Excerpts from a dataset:
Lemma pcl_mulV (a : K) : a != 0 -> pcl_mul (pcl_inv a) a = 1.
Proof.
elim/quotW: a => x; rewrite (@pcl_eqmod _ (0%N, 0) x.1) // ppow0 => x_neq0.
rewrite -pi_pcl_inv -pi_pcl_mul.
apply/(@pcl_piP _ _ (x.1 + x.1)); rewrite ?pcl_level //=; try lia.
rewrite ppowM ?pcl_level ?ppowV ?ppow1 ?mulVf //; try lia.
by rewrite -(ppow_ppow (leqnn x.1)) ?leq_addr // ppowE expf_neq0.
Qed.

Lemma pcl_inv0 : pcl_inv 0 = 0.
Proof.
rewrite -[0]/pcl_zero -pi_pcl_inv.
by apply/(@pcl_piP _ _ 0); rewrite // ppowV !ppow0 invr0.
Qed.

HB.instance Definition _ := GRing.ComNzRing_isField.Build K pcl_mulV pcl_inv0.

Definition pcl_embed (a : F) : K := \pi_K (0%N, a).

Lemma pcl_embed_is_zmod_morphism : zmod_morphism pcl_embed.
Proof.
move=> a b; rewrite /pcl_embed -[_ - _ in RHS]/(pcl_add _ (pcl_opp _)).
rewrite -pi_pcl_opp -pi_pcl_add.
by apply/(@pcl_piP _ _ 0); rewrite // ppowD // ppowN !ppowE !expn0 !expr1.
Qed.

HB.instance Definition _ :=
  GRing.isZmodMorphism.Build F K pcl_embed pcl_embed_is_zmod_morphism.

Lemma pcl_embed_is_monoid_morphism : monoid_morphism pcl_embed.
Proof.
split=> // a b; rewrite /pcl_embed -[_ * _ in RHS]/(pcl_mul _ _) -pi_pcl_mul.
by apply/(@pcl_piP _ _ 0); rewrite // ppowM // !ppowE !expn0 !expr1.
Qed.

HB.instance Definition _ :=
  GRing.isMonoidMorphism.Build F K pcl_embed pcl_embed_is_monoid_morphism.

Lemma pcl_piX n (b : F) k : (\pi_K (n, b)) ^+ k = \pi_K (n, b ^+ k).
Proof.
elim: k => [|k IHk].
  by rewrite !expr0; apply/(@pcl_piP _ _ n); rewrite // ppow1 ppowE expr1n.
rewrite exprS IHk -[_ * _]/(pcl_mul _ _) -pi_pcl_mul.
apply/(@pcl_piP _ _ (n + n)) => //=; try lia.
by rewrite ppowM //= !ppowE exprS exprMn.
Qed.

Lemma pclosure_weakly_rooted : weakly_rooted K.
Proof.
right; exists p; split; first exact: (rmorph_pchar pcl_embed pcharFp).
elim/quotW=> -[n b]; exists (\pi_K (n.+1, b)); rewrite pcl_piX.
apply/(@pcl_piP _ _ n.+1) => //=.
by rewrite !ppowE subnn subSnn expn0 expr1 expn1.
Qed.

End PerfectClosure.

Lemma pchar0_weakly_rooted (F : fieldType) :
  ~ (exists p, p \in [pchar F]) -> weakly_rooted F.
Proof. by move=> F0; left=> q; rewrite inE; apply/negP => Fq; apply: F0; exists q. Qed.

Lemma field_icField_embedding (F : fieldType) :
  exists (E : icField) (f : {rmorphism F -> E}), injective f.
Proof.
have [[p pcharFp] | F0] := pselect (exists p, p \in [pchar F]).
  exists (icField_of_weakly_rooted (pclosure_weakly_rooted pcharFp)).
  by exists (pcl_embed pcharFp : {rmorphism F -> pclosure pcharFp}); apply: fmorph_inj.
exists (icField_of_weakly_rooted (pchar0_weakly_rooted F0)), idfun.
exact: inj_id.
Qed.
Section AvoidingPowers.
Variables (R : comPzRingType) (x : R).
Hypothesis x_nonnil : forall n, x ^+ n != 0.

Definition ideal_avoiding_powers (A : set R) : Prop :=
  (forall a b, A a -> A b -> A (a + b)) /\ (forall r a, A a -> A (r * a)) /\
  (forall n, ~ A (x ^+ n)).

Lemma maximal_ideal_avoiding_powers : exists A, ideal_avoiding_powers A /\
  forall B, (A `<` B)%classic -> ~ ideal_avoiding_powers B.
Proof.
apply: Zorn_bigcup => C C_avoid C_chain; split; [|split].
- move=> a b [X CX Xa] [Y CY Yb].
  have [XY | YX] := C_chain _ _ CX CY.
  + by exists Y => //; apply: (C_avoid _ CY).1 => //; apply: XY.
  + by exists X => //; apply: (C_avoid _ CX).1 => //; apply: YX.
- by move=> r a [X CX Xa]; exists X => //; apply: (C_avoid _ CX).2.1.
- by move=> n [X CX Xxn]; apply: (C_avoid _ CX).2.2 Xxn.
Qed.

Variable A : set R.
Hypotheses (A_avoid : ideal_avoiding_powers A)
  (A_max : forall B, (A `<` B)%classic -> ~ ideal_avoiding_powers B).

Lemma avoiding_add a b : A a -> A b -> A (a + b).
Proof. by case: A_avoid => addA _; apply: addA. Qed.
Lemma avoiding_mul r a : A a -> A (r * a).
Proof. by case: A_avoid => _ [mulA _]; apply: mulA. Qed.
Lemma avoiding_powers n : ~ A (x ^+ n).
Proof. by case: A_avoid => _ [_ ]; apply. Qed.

> _Action item_:
Please reproduce every line shown above, exactly as written.

> _Output below_:
Lemma pcl_mulV (a : K) : a != 0 -> pcl_mul (pcl_inv a) a = 1.
Proof.
elim/quotW: a => x; rewrite (@pcl_eqmod _ (0%N, 0) x.1) // ppow0 => x_neq0.
rewrite -pi_pcl_inv -pi_pcl_mul.
apply/(@pcl_piP _ _ (x.1 + x.1)); rewrite ?pcl_level //=; try lia.
rewrite ppowM ?pcl_level ?ppowV ?ppow1 ?mulVf //; try lia.
by rewrite -(ppow_ppow (leqnn x.1)) ?leq_addr // ppowE expf_neq0.
Qed.

Lemma pcl_inv0 : pcl_inv 0 = 0.
Proof.
rewrite -[0]/pcl_zero -pi_pcl_inv.
by apply/(@pcl_piP _ _ 0); rewrite // ppowV !ppow0 invr0.
Qed.

HB.instance Definition _ := GRing.ComNzRing_isField.Build K pcl_mulV pcl_inv0.

Definition pcl_embed (a : F) : K := \pi_K (0%N, a).

Lemma pcl_embed_is_zmod_morphism : zmod_morphism pcl_embed.
Proof.
move=> a b; rewrite /pcl_embed -[_ - _ in RHS]/(pcl_add _ (pcl_opp _)).
rewrite -pi_pcl_opp -pi_pcl_add.
by apply/(@pcl_piP _ _ 0); rewrite // ppowD // ppowN !ppowE !expn0 !expr1.
Qed.

HB.instance Definition _ :=
  GRing.isZmodMorphism.Build F K pcl_embed pcl_embed_is_zmod_morphism.

Lemma pcl_embed_is_monoid_morphism : monoid_morphism pcl_embed.
Proof.
split=> // a b; rewrite /pcl_embed -[_ * _ in RHS]/(pcl_mul _ _) -pi_pcl_mul.
by apply/(@pcl_piP _ _ 0); rewrite // ppowM // !ppowE !expn0 !expr1.
Qed.

HB.instance Definition _ :=
  GRing.isMonoidMorphism.Build F K pcl_embed pcl_embed_is_monoid_morphism.

Lemma pcl_piX n (b : F) k : (\pi_K (n, b)) ^+ k = \pi_K (n, b ^+ k).
Proof.
elim: k => [|k IHk].
  by rewrite !expr0; apply/(@pcl_piP _ _ n); rewrite // ppow1 ppowE expr1n.
rewrite exprS IHk -[_ * _]/(pcl_mul _ _) -pi_pcl_mul.
apply/(@pcl_piP _ _ (n + n)) => //=; try lia.
by rewrite ppowM //= !ppowE exprS exprMn.
Qed.

Lemma pclosure_weakly_rooted : weakly_rooted K.
Proof.
right; exists p; split; first exact: (rmorph_pchar pcl_embed pcharFp).
elim/quotW=> -[n b]; exists (\pi_K (n.+1, b)); rewrite pcl_piX.
apply/(@pcl_piP _ _ n.+1) => //=.
by rewrite !ppowE subnn subSnn expn0 expr1 expn1.
Qed.

End PerfectClosure.

Lemma pchar0_weakly_rooted (F : fieldType) :
  ~ (exists p, p \in [pchar F]) -> weakly_rooted F.
Proof. by move=> F0; left=> q; rewrite inE; apply/negP => Fq; apply: F0; exists q. Qed.

Lemma field_icField_embedding (F : fieldType) :
  exists (E : icField) (f : {rmorphism F -> E}), injective f.
Proof.
have [[p pcharFp] | F0] := pselect (exists p, p \in [pchar F]).
  exists (icField_of_weakly_rooted (pclosure_weakly_rooted pcharFp)).
  by exists (pcl_embed pcharFp : {rmorphism F -> pclosure pcharFp}); apply: fmorph_inj.
exists (icField_of_weakly_rooted (pchar0_weakly_rooted F0)), idfun.
exact: inj_id.
Qed.
Section AvoidingPowers.
Variables (R : comPzRingType) (x : R).
Hypothesis x_nonnil : forall n, x ^+ n != 0.

Definition ideal_avoiding_powers (A : set R) : Prop :=
  (forall a b, A a -> A b -> A (a + b)) /\ (forall r a, A a -> A (r * a)) /\
  (forall n, ~ A (x ^+ n)).

Lemma maximal_ideal_avoiding_powers : exists A, ideal_avoiding_powers A /\
  forall B, (A `<` B)%classic -> ~ ideal_avoiding_powers B.
Proof.
apply: Zorn_bigcup => C C_avoid C_chain; split; [|split].
- move=> a b [X CX Xa] [Y CY Yb].
  have [XY | YX] := C_chain _ _ CX CY.
  + by exists Y => //; apply: (C_avoid _ CY).1 => //; apply: XY.
  + by exists X => //; apply: (C_avoid _ CX).1 => //; apply: YX.
- by move=> r a [X CX Xa]; exists X => //; apply: (C_avoid _ CX).2.1.
- by move=> n [X CX Xxn]; apply: (C_avoid _ CX).2.2 Xxn.
Qed.

Variable A : set R.
Hypotheses (A_avoid : ideal_avoiding_powers A)
  (A_max : forall B, (A `<` B)%classic -> ~ ideal_avoiding_powers B).

Lemma avoiding_add a b : A a -> A b -> A (a + b).
Proof. by case: A_avoid => addA _; apply: addA. Qed.
Lemma avoiding_mul r a : A a -> A (r * a).
Proof. by case: A_avoid => _ [mulA _]; apply: mulA. Qed.
Lemma avoiding_powers n : ~ A (x ^+ n).
Proof. by case: A_avoid => _ [_ ]; apply. Qed.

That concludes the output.